Not Extension of Life — Elimination of Death

This was one of the most striking sections of the sermon. Pastor Josh took on the modern obsession with conquering death through technology — Elon Musk's brain chips, theories about living a thousand years, the promise of a human utopia.

His response was direct: God isn't interested in extending this broken life. He's eliminating death altogether.

"You can extend your life with science a thousand years, two thousand years. But there is no glory in this form. There is no glory in this life."

He explained the "two Adams" from 1 Corinthians 15: the first Adam was from the earth, a man of dust. The last Adam — Jesus — is from heaven, a life-giving spirit. When you put your faith in Christ, something supernatural happens. You're no longer just dust returning to dust. You belong to a new humanity.

He broke down salvation into three stages: first, your spirit is saved when you trust Christ. Second, your soul is being saved — that's sanctification, growing more like Jesus over a lifetime. Third, your body will be saved at the resurrection, when the perishable puts on the imperishable and the mortal puts on immortality.

A Pastor's Personal Struggle

Pastor Josh got deeply personal. He shared how, as a pastor who wrestles with chronic illness daily, resurrection isn't just theology — it's survival. There were many times he felt inadequate to lead because he was too sick.

Then came the gut punch: two years ago, he discovered his original surgery was based on a misdiagnosis. The medication that now helps him manage his condition existed twenty years ago. He lost those years of health unnecessarily.

"What about my last twenty years? The suffering, the struggle — I lost all that. Can you imagine? If I were healthier, I probably would have planted more campuses."

But rather than staying in bitterness, he pointed forward. Compared to what's coming in the resurrection, everything we think we've lost is nothing. The loneliness, the suffering, the mistakes, the sin — all of it will be recovered and restored in Christ.

Challenge: Walk Out of the Tomb Every Day

Pastor Josh landed the sermon with three powerful applications from the resurrection:

Your future will be greater than your past. Wake up every morning believing that yesterday is gone and tomorrow is better — not because life magically improves, but because you're progressing toward God's final destination.

In Christ, all will be restored. Stop driving through life staring at the rearview mirror, counting what you've lost. God is actively working on way more than what you lost.

There is a reason to be faithful today. Your hard work is not in vain. Paul said it, and it applies to every struggle, every season, every mundane Tuesday morning.

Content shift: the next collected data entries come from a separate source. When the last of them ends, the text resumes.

(* Let $V\subseteq R_d$ be a Gotzmann monomial vector space with $x_i$-decomposition $V=V_0\oplus x_iV_1$ and $x_i$-compression $L=L_0\oplus x_iL_1$. If $\mathbf n_1L_1\subseteq L_0$, then for every monomial $m\in V$ divisible by $x_i$ and every variable $x_j$ not dividing $m$, the monomial $\frac{x_j}{x_i}m$ lies in $V$.
   Context: Let $\Bbbk$ be a field, $R=\Bbbk[x_1,\dots,x_n]/(x_1^2,\dots,x_n^2)$, $R_d$ its degree-$d$ component. A monomial vector space is a subspace of some $R_d$ spanned by monomials; $\mathbf m_1V$ is the span of $\{x_jm\}$ over monomials $m\in V$ and all $j$. A subspace $V\subseteq R_d$ is Gotzmann if $|\mathbf m_1V|\le|\mathbf m_1W|$ for every subspace $W\subseteq R_d$ with $|W|=|V|$ ($|\cdot|$ = dimension). Fix $x_i$, let $Q=R/(x_i)$, with $\mathbf n_1W$ the span of $\{x_jm: j\neq i, m\in W\text{ monomial}\}$. A lex segment of $Q_e$ is a space spanned by an initial segment of the squarefree degree-$e$ monomials of $Q$ in lexicographic order (variables ordered $x_1>\dots>x_n$, omitting $x_i$). The $x_i$-decomposition of $V$ is $V=V_0\oplus x_iV_1$, with $V_0\subseteq Q_d$ spanned by the monomials of $V$ not divisible by $x_i$ and $V_1\subseteq Q_{d-1}$ spanned by the monomials $m$ with $x_im\in V$. The $x_i$-compression of $V$ is $L=L_0\oplus x_iL_1$, where $L_0\subseteq Q_d$, $L_1\subseteq Q_{d-1}$ are the lex segments with $|L_0|=|V_0|$, $|L_1|=|V_1|$. *)

From HB Require Import structures.
From mathcomp Require Import all_boot all_order all_algebra.
Set Implicit Arguments. Unset Strict Implicit. Unset Printing Implicit Defensive.
Import GRing.Theory.
Local Open Scope ring_scope.

(* R = k[x_1..x_n]/(x_1^2,..,x_n^2) as a k-vector space: a vector is a
   function from squarefree monomials (= subsets of 'I_n) to k.
   Variable x_{j+1} of the paper is index j : 'I_n. *)
Section Exterior.
Variables (K : fieldType) (n : nat).

Definition Rvec := {ffun {set 'I_n} -> K^o}.

Definition mono (M : {set 'I_n}) : Rvec := [ffun N : {set 'I_n} => (N == M)%:R].

Definition mspan (A : {set {set 'I_n}}) : {vspace Rvec} :=
  <<[seq mono M | M <- enum A]>>%VS.

Definition Rdeg (d : nat) : {vspace Rvec} := mspan [set M : {set 'I_n} | #|M| == d].

(* multiplication by x_j : x_j * m_T = m_{N u {j}} if j \notin N, else 0 *)
Definition xmul_fun (j : 'I_n) (f : Rvec) : Rvec :=
  [ffun M : {set 'I_n} => if j \in M then f (M :\ j) else 0].

Lemma xmul_fun_linear j : linear (xmul_fun j).
Proof.
move=> a f g; apply/ffunP => M; rewrite /xmul_fun !ffunE.
case: (j \in M); rewrite ?ffunE //. by rewrite scaler0 addr0.
Qed.

Definition xmul (j : 'I_n) : 'End(Rvec) := linfun (xmul_fun j).

Definition m1 (W : {vspace Rvec}) : {vspace Rvec} :=
  (\sum_(j : 'I_n) (xmul j @: W))%VS.

Definition n1 (i : 'I_n) (W : {vspace Rvec}) : {vspace Rvec} :=
  (\sum_(j : 'I_n | j != i) (xmul j @: W))%VS.

Definition gotzmann (d : nat) (V : {vspace Rvec}) : Prop :=
  (V <= Rdeg d)%VS /\
  forall W : {vspace Rvec}, (W <= Rdeg d)%VS -> \dim W = \dim V ->
    (\dim (m1 V) <= \dim (m1 W))%N.

Definition monomial_space (d : nat) (V : {vspace Rvec}) : Prop :=
  exists2 A : {set {set 'I_n}}, (forall M : {set 'I_n}, M \in A -> #|M| = d) & V = mspan A.

(* lexicographic order on squarefree monomials (x_1 > ... > x_n):
   M >lex N iff the smallest index where they differ belongs to M *)
Definition lexgt (M N : {set 'I_n}) : bool :=
  [exists x : 'I_n, [&& x \in M, x \notin N &
     [forall y : 'I_n, (y < x)%N ==> ((y \in M) == (y \in N))]]].

(* squarefree degree-e monomials of Q = R/(x_i) *)
Definition Qmonos (i : 'I_n) (e : nat) : {set {set 'I_n}} :=
  [set M : {set 'I_n} | (i \notin M) && (#|M| == e)].

Definition lexseg (i : 'I_n) (e k : nat) : {set {set 'I_n}} :=
  [set M in Qmonos i e | #|[set N in Qmonos i e | lexgt N M]| < k]%N.

Definition V0monos (i : 'I_n) (V : {vspace Rvec}) : {set {set 'I_n}} :=
  [set M : {set 'I_n} | (i \notin M) && (mono M \in V)].
Definition V1monos (i : 'I_n) (V : {vspace Rvec}) : {set {set 'I_n}} :=
  [set M : {set 'I_n} | (i \notin M) && (mono (i |: M) \in V)].

Definition L0 (i : 'I_n) (d : nat) (V : {vspace Rvec}) : {vspace Rvec} :=
  mspan (lexseg i d #|V0monos i V|).
Definition L1 (i : 'I_n) (d : nat) (V : {vspace Rvec}) : {vspace Rvec} :=
  mspan (lexseg i d.-1 #|V1monos i V|).

End Exterior.

From HB Require Import structures.
From mathcomp Require Import all_boot all_order all_algebra.
Set Implicit Arguments. Unset Strict Implicit. Unset Printing Implicit Defensive.

(* Identify a monomial space with its set A of supports, and split A at x_i
   into its deletion A0 (supports of V_0) and link A1 (supports of V_1).
   Sorting m_1 V by divisibility by x_i gives
     |m_1 V| = |n_1 V_0| + |V_0 + n_1 V_1|,
   and likewise for the compression L.  Lex segments minimise the upper shadow
   n_1 (a Kruskal-Katona theorem, proved with Frankl's (U,V)-compressions and a
   lex-weight potential), so |n_1 L_0| <= |n_1 V_0|; together with
   n_1 L_1 <= L_0 this gives |m_1 L| = |n_1 L_0| + |V_0|.  Gotzmann minimality
   |m_1 V| <= |m_1 L| then forces |V_0 + n_1 V_1| <= |V_0|, i.e.
   n_1 V_1 <= V_0, which is the claim for m = x_i m'. *)

Section Compression.
Variable T : finType.
Implicit Types (F : {set {set T}}) (B X U V : {set T}).

Definition compressible U V B := [disjoint U & B] && (V \subset B).

Definition compress U V B := if compressible U V B then B :\: V :|: U else B.

Lemma compressE U V B : compressible U V B -> compress U V B = B :\: V :|: U.
Proof. by rewrite /compress => ->. Qed.

Lemma compress_id U V B : ~~ compressible U V B -> compress U V B = B.
Proof. by rewrite /compress => /negbTE ->. Qed.

Lemma compress_moved U V B : compress U V B != B -> compressible U V B.
Proof. by apply: contraR => /compress_id ->. Qed.

Lemma compressK U V B : compressible U V B -> compress U V B :\: U :|: V = B.
Proof.
move=> cB; have /andP[dUB /subsetP VB] := cB; rewrite compressE //.
apply/setP => x; rewrite !inE; case xV: (x \in V); first by rewrite orbT VB.
by case xU: (x \in U); rewrite /= ?orbF ?andbT // (disjointFr dUB xU).
Qed.

Lemma compress_idem U V B : compress U V (compress U V B) = compress U V B.
Proof.
case: (boolP (compressible U V B)) => [cB|nB]; last by rewrite !compress_id.
case: (boolP (compressible U V (compress U V B))) => [cC|/compress_id //].
rewrite [compress U V B]compressE // in cC *; rewrite compressE //; have /andP[dU _] := cC.
have U0 x : x \in U = false.
  by apply/negP => xU; move: (disjointFr dU xU); rewrite !inE xU orbT.
apply/setP => x; rewrite !inE U0 !orbF; by case: (x \in V).
Qed.

Lemma compress_inj_in U V :
  {in [pred B | compress U V B != B] &, injective (compress U V)}.
Proof.
move=> B1 B2; rewrite !inE => /compress_moved c1 /compress_moved c2 e.
by rewrite -(compressK c1) -(compressK c2) e.
Qed.

Lemma compress0 B : compress set0 set0 B = B.
Proof. by rewrite /compress; case: ifP; rewrite ?setD0 ?setU0. Qed.

Definition compress_rel F U V B := if compress U V B \in F then B else compress U V B.

Definition compress_family U V F := [set compress_rel F U V B | B in F].

Lemma compress_rel_inj U V F : {in F &, injective (compress_rel F U V)}.
Proof.
move=> B1 B2 B1F B2F; rewrite /compress_rel.
case: ifPn => c1; case: ifPn => c2 // e.
- by rewrite -e B1F in c2.
- by rewrite e B2F in c1.
by apply: compress_inj_in e; rewrite inE; [apply: contraNneq c1 | apply: contraNneq c2] => ->.
Qed.

Lemma card_compress_family U V F : #|compress_family U V F| = #|F|.
Proof. exact/card_in_imset/compress_rel_inj. Qed.

Lemma compress_family_kept U V F X :
  X \in F -> compress U V X \in F -> X \in compress_family U V F.
Proof. by move=> XF cXF; apply/imsetP; exists X; rewrite // /compress_rel cXF. Qed.

Lemma compress_family_moved U V F B :
  B \in F -> compress U V B \notin F -> compress U V B \in compress_family U V F.
Proof. by move=> BF cBF; apply/imsetP; exists B; rewrite // /compress_rel (negbTE cBF). Qed.

Lemma compress_family_cases U V F X : X \in compress_family U V F ->
  X \in F /\ compress U V X \in F \/
  exists B, [/\ B \in F, compress U V B \notin F & X = compress U V B].
Proof.
case/imsetP => B BF ->; rewrite /compress_rel.
by case: ifPn => cBF; [left | right; exists B].
Qed.

Lemma compress_family_compress U V F X :
  X \in compress_family U V F -> compress U V X \in compress_family U V F.
Proof.
case/compress_family_cases => [[XF cXF]|[B [BF cBF ->]]].
  by apply: compress_family_kept; rewrite ?compress_idem.
by rewrite compress_idem; apply: compress_family_moved.
Qed.

Lemma compress_stable U V F X :
  compress_family U V F = F -> X \in F -> compress U V X \in F.
Proof. by move=> eF; rewrite -{1 2}eF; apply: compress_family_compress. Qed.

Lemma compress_family0 F : compress_family set0 set0 F = F.
Proof.
rewrite -[RHS]imset_id; apply: eq_in_imset => B BF.
by rewrite /compress_rel compress0 BF.
Qed.

End Compression.

Section UpShadow.
Variable T : finType.
Implicit Types (P : pred T) (F : {set {set T}}) (X : {set T}).

Definition up_shadow P F := [set X : {set T} | [exists j, [&& P j, j \in X & X :\ j \in F]]].

Lemma up_shadowP P F X :
  reflect (exists j, [/\ P j, j \in X & X :\ j \in F]) (X \in up_shadow P F).
Proof.
rewrite inE; apply: (iffP existsP) => [[j /and3P[]]|[j []]]; last first.
  by exists j; apply/and3P.
by exists j.
Qed.

Lemma mem_up_shadow P F X j : P j -> j \in X -> X :\ j \in F -> X \in up_shadow P F.
Proof. by move=> Pj jX XjF; apply/up_shadowP; exists j. Qed.

Lemma setU1_up_shadow P F X j : P j -> j \notin X -> X \in F -> j |: X \in up_shadow P F.
Proof. by move=> Pj jX XF; apply: (mem_up_shadow Pj); rewrite ?setU11 ?setU1K. Qed.

End UpShadow.

Section ShadowCompression.
Variables (T : finType) (i : T) (U V : {set T}) (A : {set {set T}}).
Hypotheses (iU : i \notin U) (cardUV : #|U| = #|V|).
Hypothesis stableA :
  forall y, y \in V -> exists2 x, x \in U & compress_family (U :\ x) (V :\ y) A = A.

Local Notation C := (compress U V).
Local Notation sh := (up_shadow (predC1 i)).

(* Removing a suitable x from this set yields the (U :\ x, V :\ y)-compression
   of W, which lies in A by [stableA]. *)
Lemma compress_shift_up_shadow y W :
  y \in V -> W \in A -> [disjoint U & W] -> V :\ y \subset W ->
  W :\: (V :\ y) :|: U \in sh A.
Proof.
move=> yV WA dUW VyW; have [x xU eA] := stableA yV.
have cW : compressible (U :\ x) (V :\ y) W.
  by rewrite /compressible VyW andbT; apply: disjointWl dUW; apply: subD1set.
apply: (@mem_up_shadow _ _ _ _ x); first by apply: contraNneq iU => <-.
  by rewrite !inE xU orbT.
have -> : (W :\: (V :\ y) :|: U) :\ x = compress (U :\ x) (V :\ y) W.
  rewrite compressE //; apply/setP => z; rewrite !inE.
  by case: (eqVneq z x) => [->|//]; rewrite (disjointFr dUW xU) andbF.
exact: compress_stable eA WA.
Qed.

Lemma up_shadow_compress_kept X z :
  X \in A -> C X \in A -> z != i -> z \notin X ->
  z |: X \in compress_family U V (sh A).
Proof.
move=> XA cXA zi zX; apply: compress_family_kept; first exact: setU1_up_shadow.
case: (boolP (compressible U V (z |: X))) => [cZ|/compress_id ->]; last first.
  exact: setU1_up_shadow.
have /andP[dUZ /subsetP VZ] := cZ.
have dUX : [disjoint U & X] by apply: disjointWr dUZ; apply: subsetUr.
have zU : z \notin U by apply/negP => /(disjointFr dUZ); rewrite setU11.
rewrite compressE //; case: (boolP (z \in V)) => [zV|zV].
  have -> : (z |: X) :\: V :|: U = X :\: (V :\ z) :|: U.
    apply/setP => y; rewrite !inE; case: eqVneq => [->|_] /=; last by [].
    by rewrite zV /= (negbTE zX) (negbTE zU).
  apply: compress_shift_up_shadow zV XA dUX _; apply/subsetP => y.
  by rewrite !inE => /andP[yz /VZ]; rewrite !inE (negbTE yz).
have cX : compressible U V X.
  rewrite /compressible dUX; apply/subsetP => y yV.
  by have := VZ y yV; rewrite !inE; case: eqVneq yV zV => [->|] // ->.
have -> : (z |: X) :\: V :|: U = z |: C X.
  by rewrite compressE //; apply/setP => y; rewrite !inE; case: eqVneq => [->|]; rewrite ?zV.
by apply: setU1_up_shadow; rewrite // compressE // !inE (negbTE zX) (negbTE zU) andbF.
Qed.

Lemma up_shadow_compress_moved B z :
  B \in A -> C B \notin A -> z != i -> z \notin C B ->
  z |: C B \in compress_family U V (sh A).
Proof.
move=> BA cBA zi zC.
have cB : compressible U V B by apply: compress_moved; apply: contraNneq cBA => ->.
have /andP[dUB VB] := cB; have CB := compressE cB.
have [u uU] : exists u, u \in U.
  case: (set_0Vmem U) => [U0|[u]]; last by exists u.
  have V0 : V = set0 by apply/eqP; rewrite -cards_eq0 -cardUV U0 cards0.
  by move: cBA; rewrite U0 V0 compress0 BA.
have cZ : C (z |: C B) = z |: C B.
  apply: compress_id; apply/negP => /andP[/disjointFr/(_ uU)].
  by rewrite CB !inE uU !orbT.
have zU : z \notin U by apply: contra zC; rewrite CB inE => ->; rewrite orbT.
case: (boolP (z \in V)) => [zV|zV].
  suff ZA : z |: C B \in sh A by apply: compress_family_kept; rewrite ?cZ.
  have -> : z |: C B = B :\: (V :\ z) :|: U.
    apply/setP => y; rewrite CB !inE.
    by case: eqVneq => [->|]; rewrite ?zV ?(subsetP VB z zV).
  by apply: compress_shift_up_shadow zV BA dUB _; apply: subset_trans VB; apply: subD1set.
have zB : z \notin B by apply: contra zC; rewrite CB !inE zV => ->.
have WA : z |: B \in sh A by apply: setU1_up_shadow.
have cW : C (z |: B) = z |: C B.
  rewrite !compressE //; last first.
    rewrite /compressible (subset_trans VB (subsetUr _ _)) andbT.
    apply/pred0P => y /=; rewrite !inE; case: (boolP (y \in U)) => // yU.
    by rewrite (disjointFr dUB yU) orbF; apply: contraNF zU => /eqP <-.
  by apply/setP => y; rewrite !inE; case: eqVneq => [->|]; rewrite ?zV.
case: (boolP (z |: C B \in sh A)) => ZA; first by apply: compress_family_kept; rewrite ?cZ.
by rewrite -cW; apply: compress_family_moved; rewrite ?cW.
Qed.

His final challenge was practical and blunt. He said one of the greatest signs of spiritual deadness is being still — not in a peaceful, meditative way, but in a paralyzed, I-can't-get-out-of-bed way. His advice? Don't wait for the emotion to come. Move. Get out. Meet people. Pray. Come to the prayer meeting. Put yourself in a place where resurrection power can be experienced.

"Don't stay in the tomb. Don't make your life be filled with numbness. Come out. Make your life be walking towards the resurrection — and reflect more resurrection than tomb. That's how you should live for Christ."